TO DO:
For every line in the material, print that line exactly.

AVAILABLE DATA:
Definition block_file (gc : 'I_p.+1 * 'I_t) : 'I_n :=
  Ordinal (block_file_subproof gc.1 gc.2).

Lemma block_fileK g c : block (block_file (g, c)) = g.
Proof. by apply: val_inj; rewrite /block /= divnMDl // divn_small // addn0 inordK. Qed.

Lemma block_file_inj : injective block_file.
Proof.
move=> [g c] [g' c'] eq_gc; have := block_fileK g c; rewrite eq_gc block_fileK => <-.
have /(congr1 (modn^~ t)) := congr1 val eq_gc; rewrite /= !modnMDl !modn_small //.
by move/val_inj->.
Qed.

Lemma card_block_files (A : {set 'I_p.+1}) :
  #|[set x : 'I_n | (x < t * p.+1) && (block x \in A)]| = #|A| * t.
Proof.
rewrite -[t in RHS]card_ord -cardsT -cardsX -(card_imset _ block_file_inj).
apply: eq_card => x; rewrite inE; apply/andP/imsetP => [[lt_x Px]|[[g c]]].
  have lt_div : x %/ t < p.+1 by rewrite ltn_divLR // mulnC.
  exists (block x, Ordinal (ltn_pmod x t_gt0)); first by rewrite !inE Px.
  by apply: val_inj; rewrite /= inordK // -divn_eq.
rewrite !inE andbT => gA ->; rewrite block_fileK; split=> //=.
by have := ltn_ord g; have := ltn_ord c; nia.
Qed.

Lemma card_cyclic_server s : r <= p -> #|cyclic_server s| = n - t * (p - r).
Proof.
move=> le_rp.
have far_blocks : #|[set g : 'I_p.+1 | r < val (s - g)%R]| = p - r.
  have -> : [set g : 'I_p.+1 | r < val (s - g)%R] =
            [set (s - d)%R | d : 'I_p.+1 in ~: [set d : 'I_p.+1 | d <= r]].
    apply/setP => g; rewrite inE; apply/idP/imsetP => [lt_rg|[d]].
      by exists (s - g)%R; rewrite ?inE -?ltnNge // opprB addrC subrK.
    by rewrite !inE -ltnNge => lt_rd ->; rewrite opprB addrC subrK.
  rewrite card_imset; last exact: inj_comp (addrI s) (@oppr_inj _).
  by have := cardsC [set d : 'I_p.+1 | d <= r]; rewrite card_ord_leq // card_ord; lia.
have := cardsC (cyclic_server s); rewrite card_ord.
have -> : #|~: cyclic_server s| = (p - r) * t.
  rewrite -far_blocks -card_block_files; apply: eq_card => x.
  by rewrite !inE negb_or -!ltnNge.
rewrite mulnC; lia.
Qed.

Lemma cyclic_server_hall (X Y : {set 'I_n}) (J : {set 'I_p.+1}) :
  #|X| <= t * (p.+1 - r) -> p.+1 - r <= #|J| -> Y \subset X ->
  #|Y| <= #|hitting_servers cyclic_server J Y| * t.
Proof.
move=> le_X le_J sYX; set T := hitting_servers cyclic_server J Y.
have [le_JT|lt_TJ] := leqP (p.+1 - r) #|T|.
  by rewrite mulnC (leq_trans (subset_leq_card sYX)) // (leq_trans le_X) ?leq_mul.
have Y_blocks x : x \in Y -> x < t * p.+1.
  move=> xY; rewrite ltnNge; apply: contraL lt_TJ => le_x.
  rewrite -leqNgt (leq_trans le_J) // subset_leq_card //; apply/subsetP => j jJ.
  by rewrite inE jJ; apply/exists_inP; exists x; rewrite // inE le_x.
pose W := T :|: ~: J.
have le_W : #|W| <= #|T| + r.
  have le_CJ : #|~: J| <= r by have := cardsC J; rewrite card_ord; lia.
  by apply: leq_trans (leq_card_setU T (~: J)).1 _; rewrite leq_add2l.
have W_proper : W != setT.
  by apply: contraTneq le_W => ->; rewrite cardsT card_ord; lia.
have sY : Y \subset [set x : 'I_n | (x < t * p.+1) && (block x \in arc_starts W r)].
  apply/subsetP => x xY; rewrite inE Y_blocks //= inE; apply/forallP => d; apply/implyP => le_dr.
  rewrite !inE orbC; case: (boolP (_ \in J)) => //= jJ; apply/exists_inP; exists x => //.
  by rewrite inE addrC addKr le_dr orbT.
by rewrite (leq_trans (subset_leq_card sY)) // card_block_files leq_mul2r
  (leq_trans (card_arc_starts r W_proper)) ?orbT // leq_subLR addnC.
Qed.

Lemma storage_cyclic_code : r <= p -> storage cyclic_server = p.+1 * (n - t * (p - r)).
Proof.
move=> le_rp; rewrite /storage (eq_bigr _ (fun s _ => card_cyclic_server s le_rp)).
by rewrite sum_nat_const card_ord.
Qed.

Lemma cyclic_code_ecbc k : k <= t * (p.+1 - r) -> is_ECBC k t r cyclic_server.
Proof.
move=> le_k X J le_Xk le_J; apply: (capacitated_cover ord0 t_gt0) => Y sYX.
exact: cyclic_server_hall (leq_trans le_Xk le_k) le_J sYX.
Qed.

End CyclicCode.

Lemma leq_ceil_div k t : 0 < t -> k <= t * ceil_div k t.
Proof.
move=> t_gt0; rewrite /ceil_div.
by have := divn_eq (k + t.-1) t; have := ltn_pmod (k + t.-1) t_gt0; lia.
Qed.

Lemma ceil_div_pred_lt k t : 0 < k -> t * (ceil_div k t - 1) < k.
Proof.
move=> k_gt0; rewrite /ceil_div mulnBr muln1 mulnC.
by have := leq_divM (k + t.-1) t; lia.
Qed.

Theorem theorem6 (n m k t r : nat) :
  1 <= n -> 1 <= m -> 1 <= k -> 1 <= t ->
  m = ceil_div k t + r -> t * m <= n ->
  is_min_storage n m k t r (m * (n - t * (m - r - 1))) /\
  m * (n - t * (m - r - 1)) = t * m * (r + 1) + m * (n - t * m).
Proof.
move=> _ m_gt0 k_gt0 t_gt0 def_m le_tm_n.
have le_k : k <= t * (m - r) by rewrite def_m addnK leq_ceil_div.
have lt_k : t * (m - r - 1) < k by rewrite def_m addnK ceil_div_pred_lt.
have lt_rm : r < m.
  by have := leq_trans k_gt0 le_k; rewrite muln_gt0 subn_gt0 => /andP[].
split.
  split=> [|S ecbcS]; last exact: ecbc_storage_lower_bound ecbcS lt_k lt_rm.
  case: m m_gt0 def_m le_tm_n le_k lt_k lt_rm => // p _ _ le_tm_n le_k _ lt_rp.
  exists (cyclic_server n t r); split; first exact: cyclic_code_ecbc.
  by rewrite storage_cyclic_code // subnAC subn1.
have split_tm : t * m = t * (m - r - 1) + t * (r + 1).
  by rewrite -mulnDr; congr (_ * _); lia.
by rewrite mulnAC [_ * m]mulnC -mulnDr; congr (m * _); lia.
Qed.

ANSWER AREA:
Definition block_file (gc : 'I_p.+1 * 'I_t) : 'I_n :=
  Ordinal (block_file_subproof gc.1 gc.2).

Lemma block_fileK g c : block (block_file (g, c)) = g.
Proof. by apply: val_inj; rewrite /block /= divnMDl // divn_small // addn0 inordK. Qed.

Lemma block_file_inj : injective block_file.
Proof.
move=> [g c] [g' c'] eq_gc; have := block_fileK g c; rewrite eq_gc block_fileK => <-.
have /(congr1 (modn^~ t)) := congr1 val eq_gc; rewrite /= !modnMDl !modn_small //.
by move/val_inj->.
Qed.

Lemma card_block_files (A : {set 'I_p.+1}) :
  #|[set x : 'I_n | (x < t * p.+1) && (block x \in A)]| = #|A| * t.
Proof.
rewrite -[t in RHS]card_ord -cardsT -cardsX -(card_imset _ block_file_inj).
apply: eq_card => x; rewrite inE; apply/andP/imsetP => [[lt_x Px]|[[g c]]].
  have lt_div : x %/ t < p.+1 by rewrite ltn_divLR // mulnC.
  exists (block x, Ordinal (ltn_pmod x t_gt0)); first by rewrite !inE Px.
  by apply: val_inj; rewrite /= inordK // -divn_eq.
rewrite !inE andbT => gA ->; rewrite block_fileK; split=> //=.
by have := ltn_ord g; have := ltn_ord c; nia.
Qed.

Lemma card_cyclic_server s : r <= p -> #|cyclic_server s| = n - t * (p - r).
Proof.
move=> le_rp.
have far_blocks : #|[set g : 'I_p.+1 | r < val (s - g)%R]| = p - r.
  have -> : [set g : 'I_p.+1 | r < val (s - g)%R] =
            [set (s - d)%R | d : 'I_p.+1 in ~: [set d : 'I_p.+1 | d <= r]].
    apply/setP => g; rewrite inE; apply/idP/imsetP => [lt_rg|[d]].
      by exists (s - g)%R; rewrite ?inE -?ltnNge // opprB addrC subrK.
    by rewrite !inE -ltnNge => lt_rd ->; rewrite opprB addrC subrK.
  rewrite card_imset; last exact: inj_comp (addrI s) (@oppr_inj _).
  by have := cardsC [set d : 'I_p.+1 | d <= r]; rewrite card_ord_leq // card_ord; lia.
have := cardsC (cyclic_server s); rewrite card_ord.
have -> : #|~: cyclic_server s| = (p - r) * t.
  rewrite -far_blocks -card_block_files; apply: eq_card => x.
  by rewrite !inE negb_or -!ltnNge.
rewrite mulnC; lia.
Qed.

Lemma cyclic_server_hall (X Y : {set 'I_n}) (J : {set 'I_p.+1}) :
  #|X| <= t * (p.+1 - r) -> p.+1 - r <= #|J| -> Y \subset X ->
  #|Y| <= #|hitting_servers cyclic_server J Y| * t.
Proof.
move=> le_X le_J sYX; set T := hitting_servers cyclic_server J Y.
have [le_JT|lt_TJ] := leqP (p.+1 - r) #|T|.
  by rewrite mulnC (leq_trans (subset_leq_card sYX)) // (leq_trans le_X) ?leq_mul.
have Y_blocks x : x \in Y -> x < t * p.+1.
  move=> xY; rewrite ltnNge; apply: contraL lt_TJ => le_x.
  rewrite -leqNgt (leq_trans le_J) // subset_leq_card //; apply/subsetP => j jJ.
  by rewrite inE jJ; apply/exists_inP; exists x; rewrite // inE le_x.
pose W := T :|: ~: J.
have le_W : #|W| <= #|T| + r.
  have le_CJ : #|~: J| <= r by have := cardsC J; rewrite card_ord; lia.
  by apply: leq_trans (leq_card_setU T (~: J)).1 _; rewrite leq_add2l.
have W_proper : W != setT.
  by apply: contraTneq le_W => ->; rewrite cardsT card_ord; lia.
have sY : Y \subset [set x : 'I_n | (x < t * p.+1) && (block x \in arc_starts W r)].
  apply/subsetP => x xY; rewrite inE Y_blocks //= inE; apply/forallP => d; apply/implyP => le_dr.
  rewrite !inE orbC; case: (boolP (_ \in J)) => //= jJ; apply/exists_inP; exists x => //.
  by rewrite inE addrC addKr le_dr orbT.
by rewrite (leq_trans (subset_leq_card sY)) // card_block_files leq_mul2r
  (leq_trans (card_arc_starts r W_proper)) ?orbT // leq_subLR addnC.
Qed.

Lemma storage_cyclic_code : r <= p -> storage cyclic_server = p.+1 * (n - t * (p - r)).
Proof.
move=> le_rp; rewrite /storage (eq_bigr _ (fun s _ => card_cyclic_server s le_rp)).
by rewrite sum_nat_const card_ord.
Qed.

Lemma cyclic_code_ecbc k : k <= t * (p.+1 - r) -> is_ECBC k t r cyclic_server.
Proof.
move=> le_k X J le_Xk le_J; apply: (capacitated_cover ord0 t_gt0) => Y sYX.
exact: cyclic_server_hall (leq_trans le_Xk le_k) le_J sYX.
Qed.

End CyclicCode.

Lemma leq_ceil_div k t : 0 < t -> k <= t * ceil_div k t.
Proof.
move=> t_gt0; rewrite /ceil_div.
by have := divn_eq (k + t.-1) t; have := ltn_pmod (k + t.-1) t_gt0; lia.
Qed.

Lemma ceil_div_pred_lt k t : 0 < k -> t * (ceil_div k t - 1) < k.
Proof.
move=> k_gt0; rewrite /ceil_div mulnBr muln1 mulnC.
by have := leq_divM (k + t.-1) t; lia.
Qed.

Theorem theorem6 (n m k t r : nat) :
  1 <= n -> 1 <= m -> 1 <= k -> 1 <= t ->
  m = ceil_div k t + r -> t * m <= n ->
  is_min_storage n m k t r (m * (n - t * (m - r - 1))) /\
  m * (n - t * (m - r - 1)) = t * m * (r + 1) + m * (n - t * m).
Proof.
move=> _ m_gt0 k_gt0 t_gt0 def_m le_tm_n.
have le_k : k <= t * (m - r) by rewrite def_m addnK leq_ceil_div.
have lt_k : t * (m - r - 1) < k by rewrite def_m addnK ceil_div_pred_lt.
have lt_rm : r < m.
  by have := leq_trans k_gt0 le_k; rewrite muln_gt0 subn_gt0 => /andP[].
split.
  split=> [|S ecbcS]; last exact: ecbc_storage_lower_bound ecbcS lt_k lt_rm.
  case: m m_gt0 def_m le_tm_n le_k lt_k lt_rm => // p _ _ le_tm_n le_k _ lt_rp.
  exists (cyclic_server n t r); split; first exact: cyclic_code_ecbc.
  by rewrite storage_cyclic_code // subnAC subn1.
have split_tm : t * m = t * (m - r - 1) + t * (r + 1).
  by rewrite -mulnDr; congr (_ * _); lia.
by rewrite mulnAC [_ * m]mulnC -mulnDr; congr (m * _); lia.
Qed.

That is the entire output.